Here are test results:

julia> x=rand(100_000_000);
julia> include("speedcheck.jl")

julia> @time set_test(x)
 17.177306 seconds (500.00 M allocations: 40.233 GiB, 18.02% gc time)
49999593

julia> @time or_test(x)
  2.799505 seconds
49999593

julia> @time multi_or_test(x)
  0.020058 seconds
49999593

speedcheck.jl:

"""Call these tests with a random vector of floats to prevent the compiler 
from trying to outsmart the test"""

function set_test(vec::Vector{Float64})
    c::Char = 'g' 
    sum::Int64 = 0
    for val in vec
        if val > 0.5
            c = 'C'
        else
            c = 'K'
        end
        #put the successful test value at the end to makes things worse
        if c in Set(['c', 'a', 'b', 'd', 'e', 'f', 'F', 'C']) 
            sum += 1
        end
    end
    return sum
end



function or_test(vec::Vector{Float64})
    c::Char = 'g'
    sum::Int64 = 0
    for val in vec
        if val > 0.5
            c = 'C'
        else
            c = 'K'
        end
        #put the successful test value at the end to makes things worse
        if c == 'c' || c == 'a' || c == 'b' || c == 'd' || c == 'e' || c == 'f' || c == 'F' || c == 'C' 
            sum += 1
        end
    end
    return sum
end

function multi_or(val, choices...)::Bool
    for choice in choices
        if val == choice
            return true
        end
    end
    return false
end


function multi_or_test(vec::Vector{Float64})
    c::Char = 'g'
    sum::Int64 = 0
    for val in vec
        if val > 0.5
            c = 'C'
        else
            c = 'K'
        end
        #put the successful test value at the end to makes things worse
        if multi_or(c, 'c', 'a', 'b', 'd', 'e', 'f', 'F', 'C') 
            sum += 1
        end
    end
    return sum
end
'''
1 Like

The “Set” version allocates memory, the other one does not.

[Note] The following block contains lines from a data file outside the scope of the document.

(* Let $\xi$ be a model and suppose the minimizer $\phi$ of $P_{0,\xi}$ on $\mathcal{C}$ is of the form $\phi(t)=m(1-t)+c$ with $m,c\in(0,\infty)$. Let $\eta(t)=\xi(1)-\int_t^1\int_0^s\phi(\tau)^{-2}d\tau\,ds$ be its formal conjugate. Then: (1) $m,c$ solve the system $$\xi(1)=\frac1m\Big(\frac1m\log\Big(\frac{c+m}{c}\Big)-\frac1{c+m}\Big),\qquad \frac1{\xi'(1)}=c(c+m);$$ (2) $\eta''(1)\ge\xi''(1)$; (3) $\eta''(0)\ge\xi''(0)$.
   Context: A model is $\xi(t)=\sum_{p\ge2}\beta_p^2t^p$, real $\beta_p$ not all zero, with $\xi(1+\epsilon)<\infty$ for some $\epsilon>0$. $\mathcal{C}$ is the set of $\phi\in C([0,1])$ with $\phi\ge0$, non-increasing and concave; $P_{0,\xi}(\phi)=\int_0^1(\xi''\phi+1/\phi)dx$. *)

From Stdlib Require Import Reals.
From Coquelicot Require Import Coquelicot.
Open Scope R_scope.

Definition model_coef (beta : nat -> R) (n : nat) : R :=
  match n with 0%nat | 1%nat => 0 | _ => (beta n) ^ 2 end.

Definition xi (beta : nat -> R) (t : R) : R := PSeries (model_coef beta) t.

Definition is_model (beta : nat -> R) : Prop :=
  (exists p, (2 <= p)%nat /\ beta p <> 0) /\
  (exists eps, 0 < eps /\ ex_pseries (model_coef beta) (1 + eps)).

Definition in_C (phi : R -> R) : Prop :=
  (forall x, 0 <= x <= 1 ->
     filterlim phi (within (fun y => 0 <= y <= 1) (locally x)) (locally (phi x))) /\
  (forall x, 0 <= x <= 1 -> 0 <= phi x) /\
  (forall x y, 0 <= x <= 1 -> 0 <= y <= 1 -> x <= y -> phi y <= phi x) /\
  (forall x y l, 0 <= x <= 1 -> 0 <= y <= 1 -> 0 <= l <= 1 ->
     l * phi x + (1 - l) * phi y <= phi (l * x + (1 - l) * y)).

Definition P0_integrand (f : R -> R) (phi : R -> R) (x : R) : R :=
  Derive_n f 2 x * phi x + / phi x.

(* P_{0,xi}(phi) is finite and equal to v: phi > 0 on [0,1) (otherwise phi
   vanishes on a nondegenerate interval and P = +oo) and the (possibly improper
   at 1) integral of the nonnegative integrand over [0,1] converges to v. *)
Definition P0_value (f : R -> R) (phi : R -> R) (v : R) : Prop :=
  (forall x, 0 <= x < 1 -> 0 < phi x) /\
  is_RInt_gen (P0_integrand f phi) (at_point 0) (at_left 1) v.

(* phi is the minimizer of P_{0,xi} on C (with P(psi) = +oo whenever it is
   not finite, such psi impose no constraint). *)
Definition is_minimizer (f : R -> R) (phi : R -> R) : Prop :=
  in_C phi /\
  exists v, P0_value f phi v /\
    forall psi w, in_C psi -> P0_value f psi w -> v <= w.

Definition conj_eta (f : R -> R) (phi : R -> R) (t : R) : R :=
  f 1 - RInt (fun s => RInt (fun tau => / (phi tau) ^ 2) 0 s) t 1.

From Stdlib Require Import Reals Lra Psatz.
From Coquelicot Require Import Coquelicot.
Open Scope R_scope.

(* Write phi0 t = m (1 - t) + c.  For h among 1, -1, 1 - t, -(1 - t), -(t - a)_+
   and -(a - t)_+, the profile phi0 + e h stays nonnegative, nonincreasing and
   concave for small e > 0, and convexity of 1/x gives
   P(phi0 + e h) <= P(phi0) + e * int (xi'' - phi0^-2) h + O(e^2).
   Minimality of phi0 thus makes int (xi'' - phi0^-2) h nonnegative for these h.
   The four affine directions give int (xi'' - phi0^-2) = 0 and
   int (xi'' - phi0^-2) (1 - t) = 0, which by Taylor's formula at 0
   (xi(0) = xi'(0) = 0) are the two equations of (1).  The ramps, concentrated
   near t = 1 or near t = 0, force xi'' <= phi0^-2 at the endpoints, while
   eta'' = phi0^-2; this is (2) and (3). *)

(* [RInt] takes values in the carrier of a normed module, which [ring] and
   [field] do not recognise as [R] until the equation is retyped. *)
Ltac in_R := match goal with |- ?u = ?v => change (@eq R u v) end.

Lemma continuous_Rconst (k x : R) : continuous (fun _ : R => k) x.
Proof. apply (@continuous_const R_UniformSpace R_UniformSpace). Qed.

Lemma continuous_Rplus_comp (f g : R -> R) (x : R) :
  continuous f x -> continuous g x -> continuous (fun y => f y + g y) x.
Proof. apply (@continuous_plus R_UniformSpace R_AbsRing R_NormedModule). Qed.

Lemma continuous_Ropp_comp (f : R -> R) (x : R) :
  continuous f x -> continuous (fun y => - f y) x.
Proof. apply (@continuous_opp R_UniformSpace R_AbsRing R_NormedModule). Qed.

julia> @allocations if keycode == 'c' || keycode == 'C'
           0
       end
0

julia> @allocations if keycode in Set(['c','C'])
           0
       end
31

julia> 
1 Like

An easier comparison that does not allocate and is compact:

if c in "cabdefFC"
  sum += 1
end

Potentially even easier: first convert c to lower case.

1 Like

Just to say that I tested the OP codes and what he asks is not related to the allocations. You can replace the set by a tuple and the result is the same. It was not obvious for me why one version is much faster, but it is.

I think it boils down to in being slower than a simple search for the first element of a collection (why?):

julia> @btime in('c',('a','b','c','d','e'))
  2.801 ns (0 allocations: 0 bytes)
true

julia> @btime findfirst(==('c'),('a','b','c','d','e'))
  1.692 ns (0 allocations: 0 bytes)
3
3 Likes

It doesn’t look like the provided multi_or('a','b','c') is really different from the implementation of in('a',('b','c')), so I’m surprised it performs differently. Nevertheless, I do see a massive performance difference between the two.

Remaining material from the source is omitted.